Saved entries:
───

Lemma seed_sparse (k : nat) (u : Sigma) : banach_density_zero (fun p => seed k u p = true).
Proof.
  apply (banach_density_zero_mono _ (fun p => p < k \/ is_pow2 p = true)).
  - intros p Hp; destruct (Nat.lt_ge_cases p k) as [|Hk]; [now left|right].
    destruct (is_pow2 p) eqn:E; [reflexivity|]; now rewrite seed_not_pow2 in Hp.
  - apply banach_density_zero_or; [apply banach_density_zero_lt|apply banach_density_zero_pow2].
Qed.

Lemma shift_seed_inj (m k : nat) (u v : Sigma) :
  shift_iter m (seed k u) = shift_iter m (seed k v) -> u = v.
Proof.
  intros E; enough (code k u = code k v) by now apply (code_inj k k).
  apply functional_extensionality; intros i.
  destruct (cantor_fst_recurrent i (m + k)) as [t [Ht Hi]].
  pose proof (Nat.pow_gt_lin_r 2 t ltac:(lia)).
  pose proof (f_equal (fun w => w (2 ^ t - m)) E) as Et; cbv beta in Et.
  rewrite !shift_iter_app, Nat.add_sub_assoc, Nat.add_comm, Nat.add_sub, !seed_pow2, Hi in Et
    by lia.
  exact Et.
Qed.

Lemma shift_seed_window (m k K t : nat) (u : Sigma) :
  m + k + K <= 2 ^ t ->
  agree_upto K (pulse (code k u (fst (Cantor.of_nat t)))) (shift_iter (2 ^ t - m) (shift_iter m (seed k u))).
Proof.
  intros Ht j Hj; rewrite shift_iter_add, Nat.sub_add, shift_iter_app by lia.
  destruct j as [|j]; simpl.
  - now rewrite Nat.add_0_r, seed_pow2 by lia.
  - symmetry; apply seed_not_pow2; [lia|]; apply (is_pow2_between t); simpl; lia.
Qed.

Lemma shift_seed_gap (m m' k K t : nat) (u : Sigma) :
  m < m' -> m' + k + K <= 2 ^ t ->
  agree_upto K (pulse false) (shift_iter (2 ^ t - m) (shift_iter m' (seed k u))).
Proof.
  intros Hm Ht j Hj; rewrite shift_iter_add, shift_iter_app.
  symmetry; destruct j; apply seed_not_pow2; try lia; apply (is_pow2_between t); simpl; lia.
Qed.

Lemma shift_seeds_pulse_separated_lt (m m' k k' : nat) (u v : Sigma) :
  m < m' -> pulse_separated (shift_iter m (seed k u)) (shift_iter m' (seed k' v)).
Proof.
  intros Hm K N.
  destruct (cantor_fst_recurrent 0 (N + m' + k + k' + K)) as [t [Ht Hi]].
  pose proof (Nat.pow_gt_lin_r 2 t ltac:(lia)).
  exists (2 ^ t - m); split; [lia|split].
  - pose proof (shift_seed_window m k K t u ltac:(lia)) as Hw; now rewrite Hi in Hw.
  - apply shift_seed_gap; lia.
Qed.

Lemma shift_seeds_pulse_separated_code (m k k' i : nat) (u v : Sigma) :
  code k u i = true -> code k' v i = false ->
  pulse_separated (shift_iter m (seed k u)) (shift_iter m (seed k' v)).
Proof.
  intros Hu Hv K N.
  destruct (cantor_fst_recurrent i (N + m + k + k' + K)) as [t [Ht Hi]].
  pose proof (Nat.pow_gt_lin_r 2 t ltac:(lia)).
  exists (2 ^ t - m); split; [lia|split].
  - pose proof (shift_seed_window m k K t u ltac:(lia)) as Hw; now rewrite Hi, Hu in Hw.
  - pose proof (shift_seed_window m k' K t v ltac:(lia)) as Hw; now rewrite Hi, Hv in Hw.
Qed.

Lemma shift_seeds_pulse_separated (m m' k k' : nat) (u v : Sigma) :
  shift_iter m (seed k u) <> shift_iter m' (seed k' v) ->
  pulse_separated (shift_iter m (seed k u)) (shift_iter m' (seed k' v)) \/
  pulse_separated (shift_iter m' (seed k' v)) (shift_iter m (seed k u)).
Proof.
  intros Hne.
  destruct (Nat.lt_trichotomy m m') as [Hm|[<-|Hm]];
    [left; now apply shift_seeds_pulse_separated_lt| |right; now apply shift_seeds_pulse_separated_lt].
  assert (Hcode : exists i, code k u i <> code k' v i).
  { apply NNPP; intros Hall; apply Hne.
    assert (Ecode : code k u = code k' v).
    { apply functional_extensionality; intros i; apply NNPP; eauto. }
    now destruct (code_inj _ _ _ _ Ecode) as [<- <-]. }
  destruct Hcode as [i Hi].
  destruct (code k u i) eqn:Eu, (code k' v i) eqn:Ev; try congruence;
    [left|right]; eapply shift_seeds_pulse_separated_code; eassumption.
Qed.

Lemma shift_seed_finitary (m k j : nat) (u v : Sigma) :
  agree_upto (j + m) u v -> agree_upto j (shift_iter m (seed k u)) (shift_iter m (seed k v)).
Proof.
  intros Huv i Hi; rewrite !shift_iter_app; apply seed_finitary.
  intros q Hq; apply Huv; lia.
Qed.

Lemma cantor_set_shift_seeds (d : Sigma -> Sigma -> R) (m k : nat) :
  compatible_metric d -> cantor_set d (fun y => exists u, y = shift_iter m (seed k u)).
Proof.
  intros Hd; exists (fun u => shift_iter m (seed k u)); split; [|split].
  - apply continuous_of_finitary; [assumption|]; intros j.
    exists (j + m); apply shift_seed_finitary.
  - apply shift_seed_inj.
  - reflexivity.
Qed.
Lemma big_compositionsS (V : nmodType) n (F : seq nat -> V) :
  \sum_(c <- compositions n.+1) F c =
  \sum_(1 <= k < n.+2) \sum_(c <- compositions (n.+1 - k)) F (k :: c).
Proof.
rewrite compositionsS big_flatten big_map /index_iota subn1.
by apply: eq_bigr => k _; rewrite big_map.
Qed.

Lemma sumr_nat_trunc (V : nmodType) (F : nat -> V) n M : (n <= M)%N ->
  (forall j, (n <= j)%N -> F j = 0) -> \sum_(0 <= j < M) F j = \sum_(0 <= j < n) F j.
Proof.
move=> hnM hF; rewrite (big_cat_nat (leq0n n) hnM) /= [X in _ + X]big1_seq ?addr0 //.
by move=> j /andP [_]; rewrite mem_index_iota => /andP [hj _]; apply: hF.
Qed.

Lemma sumr_nat_pred (R : pzSemiRingType) (f h : nat -> R) M : f 0%N = 0 ->
  \sum_(0 <= j < M.+1) f j.-1 * h j = \sum_(0 <= j < M) f j * h j.+1.
Proof. by move=> f0; rewrite big_nat_recl //= f0 mul0r add0r. Qed.

Section BetaStar.
Variables (R : realFieldType) (Q a : R).
Hypothesis Q_gt1 : 1 < Q.

Local Notation v := (v_star Q a).
Local Notation beta := (beta_star Q a).

Definition comp_weight (c : seq nat) : R := (\prod_(k <- c) v k) /
  \prod_(i < (size c).-1) (1 - Q ^+ (nth 0%N c i + nth 0%N c i.+1)).

Definition link_factor (k : nat) (c : seq nat) : R :=
  if c is h :: _ then (1 - Q ^+ (k + h))^-1 else 1.

(* [beta_part r j = v j * gamma (r - j) j] is the part of [beta r] coming from
   the compositions of [r] with first part [j]. *)
Definition gamma (r k : nat) : R :=
  \sum_(c <- compositions r) comp_weight c * link_factor k c.

Definition beta_part (r j : nat) : R :=
  if (0 < j <= r)%N then v j * gamma (r - j) j else 0.

Definition moment (r : nat) (w : nat -> R) : R :=
  \sum_(0 <= j < r.+1) beta_part r j * w j.

Lemma comp_weight_cons h c : comp_weight (h :: c) = v h * comp_weight c * link_factor h c.
Proof.
rewrite /comp_weight big_cons /=; case: c => [|h' c] /=.
  by rewrite !big_ord0 big_nil !invr1 !mulr1.
rewrite big_ord_recl /= invfM; ring.
Qed.

Lemma beta_starE n : beta n = \sum_(c <- compositions n) comp_weight c.
Proof. by []. Qed.

Lemma beta_star0 : beta 0 = 1.
Proof. by rewrite beta_starE big_seq1 /comp_weight big_nil big_ord0 divr1. Qed.

Lemma gamma0 k : gamma 0 k = 1.
Proof. by rewrite /gamma big_seq1 /comp_weight big_nil big_ord0 divr1 mulr1. Qed.

Lemma gammaS r k : gamma r.+1 k =
  \sum_(1 <= h < r.+2) v h * gamma (r.+1 - h) h * (1 - Q ^+ (k + h))^-1.
Proof.
rewrite /gamma big_compositionsS; apply: eq_bigr => h _.
rewrite big_distrr big_distrl /=; apply: eq_bigr => c _.
rewrite comp_weight_cons /=; ring.
Qed.

Lemma beta_starS r : beta r.+1 = \sum_(1 <= h < r.+2) v h * gamma (r.+1 - h) h.
Proof.
rewrite beta_starE big_compositionsS; apply: eq_bigr => h _.
by rewrite /gamma big_distrr /=; apply: eq_bigr => c _; rewrite comp_weight_cons mulrA.
Qed.

Lemma Q_gt0 : 0 < Q. Proof. exact: lt_trans Q_gt1. Qed.

Lemma expQ_neq0 n : Q ^+ n != 0.
Proof. by rewrite gt_eqF ?exprn_gt0 ?Q_gt0. Qed.

Lemma expQ_gt1 n : (0 < n)%N -> 1 < Q ^+ n.
Proof. by move=> hn; rewrite exprn_egt1 // -lt0n. Qed.
Lemma probability_integral_if (P : probability T R) (q : T -> bool) (p : R) :
  measurable [set x | q x] -> P [set x | q x] = p%:E -> forall a b : R,
  \int[P]_x (if q x then a else b)%:E = (a * p + b * (1 - p))%:E.
Proof.
move=> mq Pq a b; set A := [set x | q x].
rewrite -(setUv A) integral_setU //; last first.
- by rewrite disj_set2E setICr.
- rewrite setUv; apply/measurable_EFinP; apply: measurable_fun_ifT => //.
  by apply: (measurable_fun_bool true); rewrite setTI.
- exact: measurableC.
rewrite (@eq_integral _ _ _ _ A (cst a%:E)); last first.
  by move=> x; rewrite inE => ->.
rewrite (@eq_integral _ _ _ _ (~` A) (cst b%:E)); last first.
  by move=> x; rewrite inE => /negP/negbTE ->.
rewrite !integral_cst //; last exact: measurableC.
have PC : (P : {measure set T -> \bar R}) (~` A) = (1 - p)%:E.
  by rewrite EFinB -Pq; exact: probability_setC.
have PA : (P : {measure set T -> \bar R}) A = p%:E by [].
by rewrite PC PA -!EFinM -EFinD.
Qed.

End integral_lemmas.

Lemma lee_of_geometric_lbounds (R : realType) (c r : R) (x : \bar R) :
  0 <= c -> 0 <= r -> r < 1 ->
  (forall n, ((c * (1 - r ^+ n))%:E <= x)%E) -> (c%:E <= x)%E.
Proof.
move=> c0 r0 r1 lbx; apply/lee_addgt0Pr => e e0.
have r_norm : `|r| < 1 by rewrite ger0_norm.
have [N _ rN] := (cvgrPdist_lt _ _).1 (cvg_expr r_norm) _
  (divr_gt0 e0 (ltr_pwDr ltr01 c0)).
move: (rN N (leqnn N)).
rewrite /= sub0r normrN ger0_norm ?exprn_ge0 // ltr_pdivlMr ?ltr_pwDr //.
rewrite mulrDr mulr1 => rNe.
apply: le_trans (leeD2r _ (lbx N)); rewrite -EFinD lee_fin.
have := exprn_ge0 N r0; lra.
Qed.

Lemma convex_sum_ge (R : realType) (k : nat) (w : nat -> R) (F : 'I_k -> \bar R)
    (x : R) :
  (forall i, 0 <= w i) -> \sum_(i < k) w i = 1 -> (forall i, x%:E <= F i)%E ->
  (x%:E <= \sum_(i < k) (w i)%:E * F i)%E.
Proof.
move=> w0 w1 xF; have -> : x%:E = (\sum_(i < k) (w i)%:E * x%:E)%E.
  by rewrite sumEFin -mulr_suml w1 mul1r.
by apply: lee_sum => i _; apply: lee_wpmul2l; [rewrite lee_fin | exact: xF].
Qed.

Lemma sum_nat_eq_weights (R : realType) (n k : nat) (F : 'I_n -> \bar R)
    (kn : (k < n)%N) :
  (\sum_(i < n) ((i == k :> nat)%:R)%:E * F i)%E = F (Ordinal kn).
Proof.
rewrite (bigD1 (Ordinal kn)) //= eqxx mul1e big1 ?adde0 // => i neq_ik.
have /negPf -> : (i != k :> nat).
  by apply: contraNneq neq_ik => ik; apply/eqP/val_inj.
by rewrite mul0e.
Qed.

Lemma sum_nat_eq (R : realType) (n k : nat) : (k < n)%N ->
  \sum_(i < n) ((i == k :> nat)%:R : R) = 1.
Proof.
move=> kn; rewrite (eq_bigr (fun i : 'I_n => if i == k :> nat then 1 else 0)).
  by rewrite -big_mkcond /= (big_ord1_eq _ (fun=> 1)) kn.
by move=> i _; case: eqP.
Qed.

Lemma pool_rcons (Z : Type) (h : seq (event Z)) (e : event Z) :
  pool (rcons h e) = pool_step (pool h) e.
Proof. by rewrite /pool foldl_rcons. Qed.

Section pool_positives.
Context (d : measure_display) (Z : measurableType d) (hstar : Z -> bool).

Definition pool_has_pos (h : seq (event Z)) : bool := has hstar (pool h).

Lemma pool_has_pos_gen h z :
  pool_has_pos (rcons h (EGen z)) = hstar z || pool_has_pos h.
Proof. by rewrite /pool_has_pos pool_rcons /= has_rcons. Qed.

Lemma pool_has_pos_ver h j b :
  pool_has_pos (rcons h (EVer j b)) -> pool_has_pos h.
Proof.
rewrite /pool_has_pos pool_rcons /= has_cat => /orP[] /hasP[x xh hx];
  apply/hasP; exists x => //; [exact: mem_take xh | exact: mem_drop xh].
Qed.

Lemma pool_label_has_pos h j : pool_label hstar h j -> pool_has_pos h.
Proof.
rewrite /pool_label; case hj: (drop j (pool h)) => [|z t] // hz.
by apply/hasP; exists z => //; apply: (mem_drop (n0 := j)); rewrite hj mem_head.
Qed.

Lemma pool_label_find h :
  pool_has_pos h -> pool_label hstar h (find hstar (pool h)).
Proof.
rewrite /pool_label /pool_has_pos; case: (pool h) => [|z s] // hs.
by rewrite (drop_nth z) ?nth_find // -has_find.
Qed.

End pool_positives.

Section active_search.
Context (d : measure_display) (Z : measurableType d) (R : realType).
Context (D : probability Z R) (hstar : Z -> bool) (c_rew c_ver p : R).
Hypothesis mpos : measurable [set z | hstar z].
Hypothesis Dpos : D [set z | hstar z] = p%:E.
Hypothesis p_gt0 : 0 < p.
Hypothesis c_rew_gt0 : 0 < c_rew.
Hypothesis c_ver_gt0 : 0 < c_ver.

Let B := c_rew / p + c_ver.
Let m := Num.min c_rew c_ver.
Let rho := 1 - m / B.
Let cap (b : bool) := if b then c_ver else B.

Lemma p_le1 : p <= 1.
Proof. by rewrite -lee_fin -Dpos probability_le1. Qed.

Lemma B_gt0 : 0 < B. Proof. by rewrite addr_gt0 // divr_gt0. Qed.

Lemma B_mulp : B * p = c_rew + c_ver * p.
Proof. by rewrite mulrDl divfK // gt_eqF. Qed.

Lemma m_gt0 : 0 < m. Proof. by rewrite lt_min c_rew_gt0 c_ver_gt0. Qed.
Lemma m_le_rew : m <= c_rew. Proof. by rewrite ge_min lexx. Qed.
Lemma m_le_ver : m <= c_ver. Proof. by rewrite ge_min lexx orbT. Qed.

Lemma cap_gt0 b : 0 < cap b.
Proof. by case: b; rewrite ?B_gt0. Qed.

Lemma cap_le_B b : cap b <= B.
Proof. by case: b => //=; rewrite lerDr ltW // divr_gt0. Qed.

Lemma m_le_B : m <= B.
Proof. exact: le_trans m_le_ver (cap_le_B true). Qed.

Lemma rho_ge0 : 0 <= rho.
Proof. by rewrite subr_ge0 ler_pdivrMr ?B_gt0 // mul1r m_le_B. Qed.

Lemma rho_lt1 : rho < 1.
Proof. by rewrite ltrBlDr ltrDl divr_gt0 // ?m_gt0 ?B_gt0. Qed.

Definition potential n b := cap b * (1 - rho ^+ n).

Lemma potential_ge0 n b : 0 <= potential n b.
Proof.
by rewrite mulr_ge0 ?subr_ge0 ?exprn_ile1 ?rho_ge0 ?(ltW rho_lt1)
  ?(ltW (cap_gt0 b)).
Qed.

Lemma potential_le_cap n b : potential n b <= cap b.
Proof.
by rewrite ler_piMr ?gerBl ?exprn_ge0 ?rho_ge0 ?(ltW (cap_gt0 b)).
Qed.

Lemma potential_succ_le n b : potential n.+1 b <= potential n b + m.
Proof.
have -> : potential n.+1 b = potential n b + cap b / B * m * rho ^+ n.
  rewrite /potential exprSr /rho; field; exact: lt0r_neq0 B_gt0.
have capB : cap b / B <= 1 by rewrite ler_pdivrMr ?B_gt0 // mul1r cap_le_B.
have capB0 : 0 <= cap b / B by rewrite divr_ge0 ?(ltW B_gt0) ?(ltW (cap_gt0 b)).
have r0 := exprn_ge0 n rho_ge0; have r1 := exprn_ile1 n rho_ge0 (ltW rho_lt1).
rewrite lerD2l -mulrA [m * _]mulrC mulrA.
by rewrite ler_piMl ?(mulr_ile1 capB0 r0 capB r1) // ltW // m_gt0.
Qed.

Lemma potential_gen n b :
  potential n.+1 b <= c_rew + potential n true * p + potential n b * (1 - p).
Proof.
case: b.
  by have := potential_succ_le n true; have := m_le_rew; lra.
rewrite /potential /= exprSr; have := exprn_ge0 n rho_ge0.
set r := rho ^+ n => r0.
have rhoB : r * rho * B = r * B - r * m.
  by rewrite -mulrA /rho mulrBl mul1r divfK ?mulrBr // lt0r_neq0 ?B_gt0.
have Bpr : B * p * r = c_rew * r + c_ver * p * r by rewrite B_mulp mulrDl.
have rm : r * m <= r * c_rew by rewrite ler_wpM2l // m_le_rew.
have := B_mulp; lra.
Qed.

Lemma potential_ver n (b b' : bool) :
  (b' -> b) -> potential n.+1 b <= c_ver + potential n b'.
Proof.
case: b => [_|].
  apply: le_trans (potential_le_cap n.+1 true) _.
  by rewrite lerDl potential_ge0.
case: b' => [/(_ isT) //|_].
by have := potential_succ_le n false; have := m_le_ver; lra.
Qed.

Local Notation cost_upto := (cost_upto D hstar c_rew c_ver).
Local Notation expected_cost := (expected_cost D hstar c_rew c_ver).
Local Notation has_pos := (pool_has_pos hstar).

Lemma cost_upto_ge_potential pol : valid_policy pol ->
  forall n h, ((potential n (has_pos h))%:E <= cost_upto pol n h)%E.
Proof.
move=> vpol; elim=> [|n IH] h; first by rewrite /potential expr0 subrr mulr0.
have [pol_ge0 [_ pol_sum1]] := vpol h.
rewrite [cost_upto _ _ _]/=; apply: convex_sum_ge => // -[[|j] ji] /=.
- have := potential_gen n (has_pos h); rewrite -lee_fin => /le_trans; apply.
  rewrite -addrA EFinD leeD2l // -(probability_integral_if mpos Dpos).
  apply: ge0_le_integral_nonmeas => z.
    by rewrite lee_fin; case: ifP => _; exact: potential_ge0.
  by have := IH (rcons h (EGen z)); rewrite pool_has_pos_gen; case: (hstar z).
- case: ifP => [/pool_label_has_pos -> | _].
    by rewrite lee_fin potential_le_cap.
  apply: le_trans (leeD2l _ (IH _)); rewrite -EFinD lee_fin.
  exact/potential_ver/pool_has_pos_ver.
Qed.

───

Assignment: Search the data above for the word "vpol", then gather each line in which it appears.

Answer to the problem:
move=> vpol; elim=> [|n IH] h; first by rewrite /potential expr0 subrr mulr0.
have [pol_ge0 [_ pol_sum1]] := vpol h.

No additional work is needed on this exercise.